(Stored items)
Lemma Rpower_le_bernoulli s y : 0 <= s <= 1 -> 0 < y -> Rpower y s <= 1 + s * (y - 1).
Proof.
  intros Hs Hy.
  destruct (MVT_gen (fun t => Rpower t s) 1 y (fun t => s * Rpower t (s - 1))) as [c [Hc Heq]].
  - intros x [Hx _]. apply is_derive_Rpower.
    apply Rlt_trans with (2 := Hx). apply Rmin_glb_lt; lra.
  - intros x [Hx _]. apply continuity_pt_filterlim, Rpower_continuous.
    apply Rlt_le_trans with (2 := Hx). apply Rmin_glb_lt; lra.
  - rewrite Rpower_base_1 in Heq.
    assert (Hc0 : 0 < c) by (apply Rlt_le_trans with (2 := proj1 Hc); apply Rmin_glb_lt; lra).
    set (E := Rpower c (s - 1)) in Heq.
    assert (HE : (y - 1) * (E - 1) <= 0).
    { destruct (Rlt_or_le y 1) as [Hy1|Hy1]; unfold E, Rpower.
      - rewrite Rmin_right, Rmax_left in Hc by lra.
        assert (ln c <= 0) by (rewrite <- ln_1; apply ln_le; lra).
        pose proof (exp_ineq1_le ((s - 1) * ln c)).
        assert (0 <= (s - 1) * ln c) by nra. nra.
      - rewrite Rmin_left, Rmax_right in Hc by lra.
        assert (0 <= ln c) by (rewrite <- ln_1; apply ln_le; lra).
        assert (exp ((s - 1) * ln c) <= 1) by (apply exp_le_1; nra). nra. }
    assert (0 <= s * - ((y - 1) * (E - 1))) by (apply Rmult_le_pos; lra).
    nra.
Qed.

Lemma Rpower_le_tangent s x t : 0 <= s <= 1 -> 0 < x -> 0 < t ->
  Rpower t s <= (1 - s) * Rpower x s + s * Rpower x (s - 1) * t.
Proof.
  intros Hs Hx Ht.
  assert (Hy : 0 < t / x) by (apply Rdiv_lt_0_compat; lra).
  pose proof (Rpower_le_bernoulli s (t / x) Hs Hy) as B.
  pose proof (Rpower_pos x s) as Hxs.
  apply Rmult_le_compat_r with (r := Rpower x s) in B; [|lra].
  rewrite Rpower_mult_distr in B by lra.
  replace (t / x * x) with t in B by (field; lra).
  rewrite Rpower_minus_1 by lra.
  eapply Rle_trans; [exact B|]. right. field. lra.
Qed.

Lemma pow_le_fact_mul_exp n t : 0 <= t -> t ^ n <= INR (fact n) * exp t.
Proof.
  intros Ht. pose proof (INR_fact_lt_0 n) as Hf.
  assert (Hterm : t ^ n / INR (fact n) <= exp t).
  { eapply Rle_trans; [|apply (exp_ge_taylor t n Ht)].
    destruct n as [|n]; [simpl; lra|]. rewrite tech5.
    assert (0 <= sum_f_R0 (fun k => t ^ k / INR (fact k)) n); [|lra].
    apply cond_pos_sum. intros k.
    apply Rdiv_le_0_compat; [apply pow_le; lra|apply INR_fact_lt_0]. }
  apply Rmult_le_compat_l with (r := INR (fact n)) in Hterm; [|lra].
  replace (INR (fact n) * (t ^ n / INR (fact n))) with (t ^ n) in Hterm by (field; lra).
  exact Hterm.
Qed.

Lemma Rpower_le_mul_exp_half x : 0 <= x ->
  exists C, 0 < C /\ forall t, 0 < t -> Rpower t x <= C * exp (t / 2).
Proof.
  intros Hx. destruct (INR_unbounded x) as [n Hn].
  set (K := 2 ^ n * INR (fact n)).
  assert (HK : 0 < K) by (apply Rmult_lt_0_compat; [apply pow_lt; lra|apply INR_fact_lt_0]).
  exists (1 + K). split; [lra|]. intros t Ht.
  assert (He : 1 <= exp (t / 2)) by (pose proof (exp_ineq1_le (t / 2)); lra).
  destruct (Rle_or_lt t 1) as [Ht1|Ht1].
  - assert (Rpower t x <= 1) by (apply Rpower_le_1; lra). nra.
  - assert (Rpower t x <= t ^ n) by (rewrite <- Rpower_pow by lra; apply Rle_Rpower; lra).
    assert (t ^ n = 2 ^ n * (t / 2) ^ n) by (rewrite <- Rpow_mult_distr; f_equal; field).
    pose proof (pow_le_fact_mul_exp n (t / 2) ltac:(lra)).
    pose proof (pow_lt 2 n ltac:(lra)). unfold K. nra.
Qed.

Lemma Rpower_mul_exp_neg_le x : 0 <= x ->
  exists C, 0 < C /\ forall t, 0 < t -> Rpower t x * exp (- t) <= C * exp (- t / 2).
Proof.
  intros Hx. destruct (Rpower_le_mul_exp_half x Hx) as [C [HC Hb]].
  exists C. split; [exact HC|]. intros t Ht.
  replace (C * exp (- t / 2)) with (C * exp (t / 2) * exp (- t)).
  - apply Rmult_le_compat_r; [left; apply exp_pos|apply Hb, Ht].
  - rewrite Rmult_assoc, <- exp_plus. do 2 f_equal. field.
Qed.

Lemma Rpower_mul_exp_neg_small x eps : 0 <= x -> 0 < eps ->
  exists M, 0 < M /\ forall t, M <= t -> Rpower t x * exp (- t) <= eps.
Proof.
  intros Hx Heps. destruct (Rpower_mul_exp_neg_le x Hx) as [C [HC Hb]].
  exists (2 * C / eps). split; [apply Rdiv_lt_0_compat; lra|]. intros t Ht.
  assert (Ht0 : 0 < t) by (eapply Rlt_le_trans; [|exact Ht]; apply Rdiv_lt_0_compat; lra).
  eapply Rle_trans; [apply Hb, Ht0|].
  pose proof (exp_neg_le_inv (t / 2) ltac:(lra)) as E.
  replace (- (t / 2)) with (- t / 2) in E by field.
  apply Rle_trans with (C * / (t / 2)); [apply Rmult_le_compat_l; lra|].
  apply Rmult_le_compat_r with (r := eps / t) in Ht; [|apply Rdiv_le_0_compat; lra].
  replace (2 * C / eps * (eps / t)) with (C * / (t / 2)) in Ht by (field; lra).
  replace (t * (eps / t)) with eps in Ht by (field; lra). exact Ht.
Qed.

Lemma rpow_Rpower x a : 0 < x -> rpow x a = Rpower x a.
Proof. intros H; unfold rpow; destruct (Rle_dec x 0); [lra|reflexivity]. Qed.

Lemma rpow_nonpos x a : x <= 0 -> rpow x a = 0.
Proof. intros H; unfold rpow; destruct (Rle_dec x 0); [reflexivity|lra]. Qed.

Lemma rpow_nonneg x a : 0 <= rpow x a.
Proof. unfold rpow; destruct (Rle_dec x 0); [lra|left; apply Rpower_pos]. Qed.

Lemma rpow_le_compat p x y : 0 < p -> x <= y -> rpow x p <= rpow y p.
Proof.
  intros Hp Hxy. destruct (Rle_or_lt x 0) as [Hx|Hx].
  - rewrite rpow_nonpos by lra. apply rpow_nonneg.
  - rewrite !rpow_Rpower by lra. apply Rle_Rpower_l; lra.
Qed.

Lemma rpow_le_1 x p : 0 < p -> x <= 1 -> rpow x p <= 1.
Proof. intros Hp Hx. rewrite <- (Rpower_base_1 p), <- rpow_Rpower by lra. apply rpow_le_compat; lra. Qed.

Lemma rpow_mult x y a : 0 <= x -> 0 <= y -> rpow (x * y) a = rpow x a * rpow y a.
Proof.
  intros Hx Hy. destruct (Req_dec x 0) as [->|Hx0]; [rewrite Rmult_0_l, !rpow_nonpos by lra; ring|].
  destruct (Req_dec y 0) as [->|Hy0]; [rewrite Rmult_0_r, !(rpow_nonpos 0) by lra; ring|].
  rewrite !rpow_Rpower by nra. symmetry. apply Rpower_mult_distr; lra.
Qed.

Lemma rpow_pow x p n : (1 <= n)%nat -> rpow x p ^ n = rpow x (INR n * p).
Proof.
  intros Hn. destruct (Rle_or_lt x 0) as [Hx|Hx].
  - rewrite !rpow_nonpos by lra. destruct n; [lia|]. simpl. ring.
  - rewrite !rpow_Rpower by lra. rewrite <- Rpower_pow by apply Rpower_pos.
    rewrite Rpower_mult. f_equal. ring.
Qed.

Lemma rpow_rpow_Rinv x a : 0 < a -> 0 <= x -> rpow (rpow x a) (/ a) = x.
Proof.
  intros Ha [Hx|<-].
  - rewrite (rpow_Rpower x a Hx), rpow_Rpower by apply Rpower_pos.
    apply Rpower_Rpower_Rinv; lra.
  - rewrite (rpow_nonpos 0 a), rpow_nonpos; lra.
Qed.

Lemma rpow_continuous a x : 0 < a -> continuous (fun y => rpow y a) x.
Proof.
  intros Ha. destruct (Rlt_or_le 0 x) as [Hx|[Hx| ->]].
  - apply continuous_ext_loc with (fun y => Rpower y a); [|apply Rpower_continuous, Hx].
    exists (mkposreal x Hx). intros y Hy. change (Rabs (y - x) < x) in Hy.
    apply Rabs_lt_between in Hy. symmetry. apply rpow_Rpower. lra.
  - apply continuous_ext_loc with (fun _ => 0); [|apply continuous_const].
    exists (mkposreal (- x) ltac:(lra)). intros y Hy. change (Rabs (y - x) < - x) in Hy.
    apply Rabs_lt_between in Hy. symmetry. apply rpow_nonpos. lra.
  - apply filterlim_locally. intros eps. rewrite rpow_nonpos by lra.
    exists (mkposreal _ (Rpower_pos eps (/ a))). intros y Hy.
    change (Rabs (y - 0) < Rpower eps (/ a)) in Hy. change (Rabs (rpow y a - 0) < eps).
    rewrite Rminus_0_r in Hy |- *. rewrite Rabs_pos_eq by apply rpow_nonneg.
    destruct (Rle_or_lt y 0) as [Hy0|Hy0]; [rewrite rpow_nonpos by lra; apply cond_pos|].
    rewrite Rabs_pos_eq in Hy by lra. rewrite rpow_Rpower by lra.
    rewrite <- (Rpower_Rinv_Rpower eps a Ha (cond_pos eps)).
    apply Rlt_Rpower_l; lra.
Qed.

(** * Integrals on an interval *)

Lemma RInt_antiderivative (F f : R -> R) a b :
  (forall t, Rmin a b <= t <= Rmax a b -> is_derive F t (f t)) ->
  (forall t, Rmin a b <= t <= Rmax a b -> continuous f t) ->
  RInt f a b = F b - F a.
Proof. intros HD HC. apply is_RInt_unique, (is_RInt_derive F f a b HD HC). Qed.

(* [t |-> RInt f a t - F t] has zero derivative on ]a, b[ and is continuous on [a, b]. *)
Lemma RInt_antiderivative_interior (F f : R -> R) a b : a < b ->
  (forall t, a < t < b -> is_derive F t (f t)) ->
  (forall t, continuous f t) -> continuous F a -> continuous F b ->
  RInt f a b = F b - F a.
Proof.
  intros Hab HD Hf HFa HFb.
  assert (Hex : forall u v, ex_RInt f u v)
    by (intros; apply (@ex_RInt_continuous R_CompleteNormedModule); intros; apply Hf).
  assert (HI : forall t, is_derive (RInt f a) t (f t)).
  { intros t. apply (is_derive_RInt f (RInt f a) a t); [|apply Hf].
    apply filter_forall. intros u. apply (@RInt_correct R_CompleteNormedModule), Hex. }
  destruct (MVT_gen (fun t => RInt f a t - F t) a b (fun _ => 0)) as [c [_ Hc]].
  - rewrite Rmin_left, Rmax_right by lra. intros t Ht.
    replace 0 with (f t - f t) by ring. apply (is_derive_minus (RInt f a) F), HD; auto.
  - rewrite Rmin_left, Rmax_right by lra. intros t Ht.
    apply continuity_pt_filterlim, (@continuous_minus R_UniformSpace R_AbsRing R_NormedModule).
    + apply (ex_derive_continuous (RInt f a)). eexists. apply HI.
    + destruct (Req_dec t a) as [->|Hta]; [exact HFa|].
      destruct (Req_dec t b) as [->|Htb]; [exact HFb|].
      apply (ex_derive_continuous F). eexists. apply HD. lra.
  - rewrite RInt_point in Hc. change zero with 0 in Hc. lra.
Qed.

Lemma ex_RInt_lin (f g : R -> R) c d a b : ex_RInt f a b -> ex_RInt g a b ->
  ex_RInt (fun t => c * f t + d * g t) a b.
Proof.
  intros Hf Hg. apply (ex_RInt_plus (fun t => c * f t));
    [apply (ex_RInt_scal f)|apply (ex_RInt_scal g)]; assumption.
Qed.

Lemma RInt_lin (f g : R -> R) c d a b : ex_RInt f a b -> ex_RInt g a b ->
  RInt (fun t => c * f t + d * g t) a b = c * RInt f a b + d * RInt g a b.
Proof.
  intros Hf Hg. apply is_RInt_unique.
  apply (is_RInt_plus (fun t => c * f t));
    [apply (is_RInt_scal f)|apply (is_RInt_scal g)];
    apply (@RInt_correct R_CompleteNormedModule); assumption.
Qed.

* **Task goal**: Extract from the records above the lines from the one containing "rewrite <- (Rpower_Rinv_Rpower" to the one containing "a b -> is_derive", both lines included, exactly as they appear and with nothing else.

* **Task solution**:
    rewrite <- (Rpower_Rinv_Rpower eps a Ha (cond_pos eps)).
    apply Rlt_Rpower_l; lra.
Qed.

(** * Integrals on an interval *)

Lemma RInt_antiderivative (F f : R -> R) a b :
  (forall t, Rmin a b <= t <= Rmax a b -> is_derive F t (f t)) ->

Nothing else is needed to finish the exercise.